Exercise prompt
Restate all of the data precisely, omitting nothing.

Given entries
Lemma continuous_row_consr d (x : R) :
  continuous (fun v : 'rV[R]_d => row_cons x v).
Proof.
move=> v; exact: continuous_comp (@continuous_pairr _ 'rV[R]_d x v)
  (@continuous_row_cons d (x, v)).
Qed.

Lemma ge0_iintD d (f g : 'rV[R]_d -> \bar R) :
  (forall x, 0 <= f x) -> (forall x, 0 <= g x) ->
  lower_semicontinuous f -> lower_semicontinuous g ->
  iint (f \+ g) = iint f + iint g.
Proof.
elim: d f g => [|d IH] f g f0 g0 lf lg //=.
under eq_integral => x _.
  rewrite (IH (fun v => f (row_cons x v)) (fun v => g (row_cons x v))) //.
  - over.
  - exact: lower_semicontinuous_comp (@continuous_row_consr d x) lf.
  - exact: lower_semicontinuous_comp (@continuous_row_consr d x) lg.
rewrite ge0_integralD // => [x _||x _|]; try exact: iint_ge0.
all: exact: measurable_iint_row_cons.
Qed.

Lemma ge0_iint_sum d (I : Type) (r : seq I) (P : pred I)
    (F : I -> 'rV[R]_d -> \bar R) :
  (forall i x, 0 <= F i x) -> (forall i, lower_semicontinuous (F i)) ->
  iint (fun x => \sum_(i <- r | P i) F i x) = \sum_(i <- r | P i) iint (F i).
Proof.
move=> F0 lF; elim: r => [|i r IH].
  by rewrite big_nil; under eq_fun do rewrite big_nil; exact: iint0.
rewrite big_cons; under eq_fun do rewrite big_cons.
case: (P i) => //; rewrite -IH ge0_iintD //.
- by move=> x; exact: sume_ge0.
- exact: ge0_lower_semicontinuous_sum.
Qed.

End iterated_integral.

Section simplex.
Context {R : realType} {d : nat}.

Lemma continuous_sum_coord :
  continuous (fun y : 'rV[R]_d => \sum_i y ord0 i).
Proof.
apply: continuous_big => [|i _]; [exact: add_continuous | exact: coord_continuous].
Qed.

Lemma open_simplex_int : open (@simplex_int R d).
Proof.
rewrite openE => a [a_gt0 a_lt1].
have coord_gt0 : \forall y \near a, forall i, 0 < (y : 'rV[R]_d) ord0 i.
  apply: (@filter_forall _ _ (fun i (y : 'rV[R]_d) => 0 < y ord0 i) (nbhs a)).
  move=> i.
  exact: cvgr_gt _ (@coord_continuous R 1 d ord0 i a) _ (a_gt0 i).
have sum_lt1 : \forall y \near a, \sum_i (y : 'rV[R]_d) ord0 i < 1.
  exact: cvgr_lt _ (continuous_sum_coord (x := a)) _ a_lt1.
exact: filterS (filterI coord_gt0 sum_lt1).
Qed.

Lemma simplex_intW : @simplex_int R d `<=` @simplex R d.
Proof. by move=> a [a_gt0 /ltW]; split => // i; exact/ltW. Qed.

Lemma compact_simplex : compact (@simplex R d).
Proof.
have -> : @simplex R d =
    \bigcap_(i in [set: 'I_d])
      ((fun y : 'rV[R]_d => y ord0 i) @^-1` [set x | 0 <= x])
    `&` ((fun y : 'rV[R]_d => \sum_i y ord0 i) @^-1` [set x | x <= 1]).
  apply/seteqP; split => y [y_ge0 y_le1]; split => // i; last exact: y_ge0.
  by move=> _; exact: y_ge0.
apply: (@subclosed_compact _ _
  [set y : 'rV[R]_d | forall i, `[0, 1]%classic (y ord0 i)]).
- apply: closedI.
    apply: closed_bigI => i _; apply: closed_comp (@closed_ge _ _) => y _.
    exact: coord_continuous.
  by apply: closed_comp (@closed_le _ _) => y _; exact: continuous_sum_coord.
- apply: (@rV_compact R d (fun=> `[0%R, 1%R]%classic)) => _.
  exact: segment_compact.
- move=> y [y_ge0 y_le1] i.
  have {}y_ge0 j : 0 <= y ord0 j by exact: y_ge0.
  rewrite /= in_itv /= y_ge0 /=; apply: le_trans y_le1.
  by rewrite (bigD1 i) //= lerDl sumr_ge0.
Qed.

End simplex.

Section pullback.
Context {R : realType} {d N : nat}.
Implicit Types (sigma : 'rV[R]_d -> 'rV[R]_N) (I : {ffun 'I_d -> 'I_N}).

Lemma card_setT_pred : (#|[set: 'I_d.+1]%SET|.-1 = d)%N.
Proof. by rewrite cardsT card_ord. Qed.

Lemma nth_enum_setT_lift (k : nat) (l : 'I_d) :
  (nth ord0 (enum [set: 'I_d.+1]%SET) k == lift ord0 l) = (k == l.+1)%N.
Proof.
have [kd|dk] := ltnP k d.+1.
  by rewrite -val_eqE /= enum_setT -enumT nth_enum_ord.
rewrite nth_default; last by rewrite -cardE cardsT card_ord.
rewrite -val_eqE /= (negbTE (neq_bump _ _)).
by rewrite gtn_eqF // (leq_ltn_trans (ltn_ord l) dk).
Qed.

Lemma face_param_setT (s : 'rV[R]_(#|[set: 'I_d.+1]%SET|.-1)) (l : 'I_d) :
  @face_param R d [set: _]%SET s ord0 l =
  s ord0 (cast_ord (esym card_setT_pred) l).
Proof.
rewrite /face_param !mxE summxE nth_enum_setT_lift add0r.
under eq_bigr => j _ do rewrite !mxE !nth_enum_setT_lift subr0 eqSS.
rewrite (bigD1 (cast_ord (esym card_setT_pred) l)) //= eqxx mulr1 big1 ?addr0 //.
move=> j jl; case: eqP => [jl'|]; last by rewrite mulr0.
by case/eqP: jl; apply: val_inj.
Qed.

Lemma C1_on_face_setT sigma :
  C1_on_face sigma [set: 'I_d.+1]%SET -> C1_on (@simplex_int R d) sigma.
Proof.
(* Abstracting [#|setT|.-1] lets [subst] replace it by [d]; [face_param] then
   becomes the identity. *)
rewrite /C1_on_face; move: (@face_param R d [set: _]%SET) face_param_setT.
move: card_setT_pred; move: (#|_|.-1) => n e; subst n => fp fpE.
suff -> : sigma \o fp = sigma by [].
apply/funext => s /=; congr sigma; apply/matrixP => i l.
by rewrite (ord1 i) fpE cast_ord_id.
Qed.

Lemma continuous_pullback_dx (U : set 'rV[R]_d) sigma I :
  C1_on U sigma -> {within U, continuous (pullback_dx sigma I)}.
Proof.
move=> [_ dsigma]; apply/subspace_continuousP => a Ua.
apply: cvg_det => j l; under eq_fun do rewrite mxE; rewrite mxE.
have := (subspace_continuousP _ _).1 (dsigma (delta_mx ord0 l)) a Ua.
exact: (continuous_cvg _ (@coord_continuous R 1 N ord0 (I j) _)).
Qed.

Lemma bounded_on_simplex sigma (f : 'rV[R]_N -> R) :
  {within @simplex R d, continuous sigma} ->
  {within sigma @` @simplex R d, continuous f} ->
  exists M : nat, forall a, simplex a -> `|f (sigma a)| <= M%:R.
Proof.
move=> cs cf.
have /compact_bounded [M0 [_ M0f]] :=
  continuous_compact cf (continuous_compact cs compact_simplex).
exists (Num.truncn M0).+1 => a sa; apply: M0f (truncnS_gt M0) _ _.
by exists (sigma a) => //; exists a.
Qed.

Written solution
Lemma continuous_row_consr d (x : R) :
  continuous (fun v : 'rV[R]_d => row_cons x v).
Proof.
move=> v; exact: continuous_comp (@continuous_pairr _ 'rV[R]_d x v)
  (@continuous_row_cons d (x, v)).
Qed.

Lemma ge0_iintD d (f g : 'rV[R]_d -> \bar R) :
  (forall x, 0 <= f x) -> (forall x, 0 <= g x) ->
  lower_semicontinuous f -> lower_semicontinuous g ->
  iint (f \+ g) = iint f + iint g.
Proof.
elim: d f g => [|d IH] f g f0 g0 lf lg //=.
under eq_integral => x _.
  rewrite (IH (fun v => f (row_cons x v)) (fun v => g (row_cons x v))) //.
  - over.
  - exact: lower_semicontinuous_comp (@continuous_row_consr d x) lf.
  - exact: lower_semicontinuous_comp (@continuous_row_consr d x) lg.
rewrite ge0_integralD // => [x _||x _|]; try exact: iint_ge0.
all: exact: measurable_iint_row_cons.
Qed.

Lemma ge0_iint_sum d (I : Type) (r : seq I) (P : pred I)
    (F : I -> 'rV[R]_d -> \bar R) :
  (forall i x, 0 <= F i x) -> (forall i, lower_semicontinuous (F i)) ->
  iint (fun x => \sum_(i <- r | P i) F i x) = \sum_(i <- r | P i) iint (F i).
Proof.
move=> F0 lF; elim: r => [|i r IH].
  by rewrite big_nil; under eq_fun do rewrite big_nil; exact: iint0.
rewrite big_cons; under eq_fun do rewrite big_cons.
case: (P i) => //; rewrite -IH ge0_iintD //.
- by move=> x; exact: sume_ge0.
- exact: ge0_lower_semicontinuous_sum.
Qed.

End iterated_integral.

Section simplex.
Context {R : realType} {d : nat}.

Lemma continuous_sum_coord :
  continuous (fun y : 'rV[R]_d => \sum_i y ord0 i).
Proof.
apply: continuous_big => [|i _]; [exact: add_continuous | exact: coord_continuous].
Qed.

Lemma open_simplex_int : open (@simplex_int R d).
Proof.
rewrite openE => a [a_gt0 a_lt1].
have coord_gt0 : \forall y \near a, forall i, 0 < (y : 'rV[R]_d) ord0 i.
  apply: (@filter_forall _ _ (fun i (y : 'rV[R]_d) => 0 < y ord0 i) (nbhs a)).
  move=> i.
  exact: cvgr_gt _ (@coord_continuous R 1 d ord0 i a) _ (a_gt0 i).
have sum_lt1 : \forall y \near a, \sum_i (y : 'rV[R]_d) ord0 i < 1.
  exact: cvgr_lt _ (continuous_sum_coord (x := a)) _ a_lt1.
exact: filterS (filterI coord_gt0 sum_lt1).
Qed.

Lemma simplex_intW : @simplex_int R d `<=` @simplex R d.
Proof. by move=> a [a_gt0 /ltW]; split => // i; exact/ltW. Qed.

Lemma compact_simplex : compact (@simplex R d).
Proof.
have -> : @simplex R d =
    \bigcap_(i in [set: 'I_d])
      ((fun y : 'rV[R]_d => y ord0 i) @^-1` [set x | 0 <= x])
    `&` ((fun y : 'rV[R]_d => \sum_i y ord0 i) @^-1` [set x | x <= 1]).
  apply/seteqP; split => y [y_ge0 y_le1]; split => // i; last exact: y_ge0.
  by move=> _; exact: y_ge0.
apply: (@subclosed_compact _ _
  [set y : 'rV[R]_d | forall i, `[0, 1]%classic (y ord0 i)]).
- apply: closedI.
    apply: closed_bigI => i _; apply: closed_comp (@closed_ge _ _) => y _.
    exact: coord_continuous.
  by apply: closed_comp (@closed_le _ _) => y _; exact: continuous_sum_coord.
- apply: (@rV_compact R d (fun=> `[0%R, 1%R]%classic)) => _.
  exact: segment_compact.
- move=> y [y_ge0 y_le1] i.
  have {}y_ge0 j : 0 <= y ord0 j by exact: y_ge0.
  rewrite /= in_itv /= y_ge0 /=; apply: le_trans y_le1.
  by rewrite (bigD1 i) //= lerDl sumr_ge0.
Qed.

End simplex.

Section pullback.
Context {R : realType} {d N : nat}.
Implicit Types (sigma : 'rV[R]_d -> 'rV[R]_N) (I : {ffun 'I_d -> 'I_N}).

Lemma card_setT_pred : (#|[set: 'I_d.+1]%SET|.-1 = d)%N.
Proof. by rewrite cardsT card_ord. Qed.

Lemma nth_enum_setT_lift (k : nat) (l : 'I_d) :
  (nth ord0 (enum [set: 'I_d.+1]%SET) k == lift ord0 l) = (k == l.+1)%N.
Proof.
have [kd|dk] := ltnP k d.+1.
  by rewrite -val_eqE /= enum_setT -enumT nth_enum_ord.
rewrite nth_default; last by rewrite -cardE cardsT card_ord.
rewrite -val_eqE /= (negbTE (neq_bump _ _)).
by rewrite gtn_eqF // (leq_ltn_trans (ltn_ord l) dk).
Qed.

Lemma face_param_setT (s : 'rV[R]_(#|[set: 'I_d.+1]%SET|.-1)) (l : 'I_d) :
  @face_param R d [set: _]%SET s ord0 l =
  s ord0 (cast_ord (esym card_setT_pred) l).
Proof.
rewrite /face_param !mxE summxE nth_enum_setT_lift add0r.
under eq_bigr => j _ do rewrite !mxE !nth_enum_setT_lift subr0 eqSS.
rewrite (bigD1 (cast_ord (esym card_setT_pred) l)) //= eqxx mulr1 big1 ?addr0 //.
move=> j jl; case: eqP => [jl'|]; last by rewrite mulr0.
by case/eqP: jl; apply: val_inj.
Qed.

Lemma C1_on_face_setT sigma :
  C1_on_face sigma [set: 'I_d.+1]%SET -> C1_on (@simplex_int R d) sigma.
Proof.
(* Abstracting [#|setT|.-1] lets [subst] replace it by [d]; [face_param] then
   becomes the identity. *)
rewrite /C1_on_face; move: (@face_param R d [set: _]%SET) face_param_setT.
move: card_setT_pred; move: (#|_|.-1) => n e; subst n => fp fpE.
suff -> : sigma \o fp = sigma by [].
apply/funext => s /=; congr sigma; apply/matrixP => i l.
by rewrite (ord1 i) fpE cast_ord_id.
Qed.

Lemma continuous_pullback_dx (U : set 'rV[R]_d) sigma I :
  C1_on U sigma -> {within U, continuous (pullback_dx sigma I)}.
Proof.
move=> [_ dsigma]; apply/subspace_continuousP => a Ua.
apply: cvg_det => j l; under eq_fun do rewrite mxE; rewrite mxE.
have := (subspace_continuousP _ _).1 (dsigma (delta_mx ord0 l)) a Ua.
exact: (continuous_cvg _ (@coord_continuous R 1 N ord0 (I j) _)).
Qed.

Lemma bounded_on_simplex sigma (f : 'rV[R]_N -> R) :
  {within @simplex R d, continuous sigma} ->
  {within sigma @` @simplex R d, continuous f} ->
  exists M : nat, forall a, simplex a -> `|f (sigma a)| <= M%:R.
Proof.
move=> cs cf.
have /compact_bounded [M0 [_ M0f]] :=
  continuous_compact cf (continuous_compact cs compact_simplex).
exists (Num.truncn M0).+1 => a sa; apply: M0f (truncnS_gt M0) _ _.
by exists (sigma a) => //; exists a.
Qed.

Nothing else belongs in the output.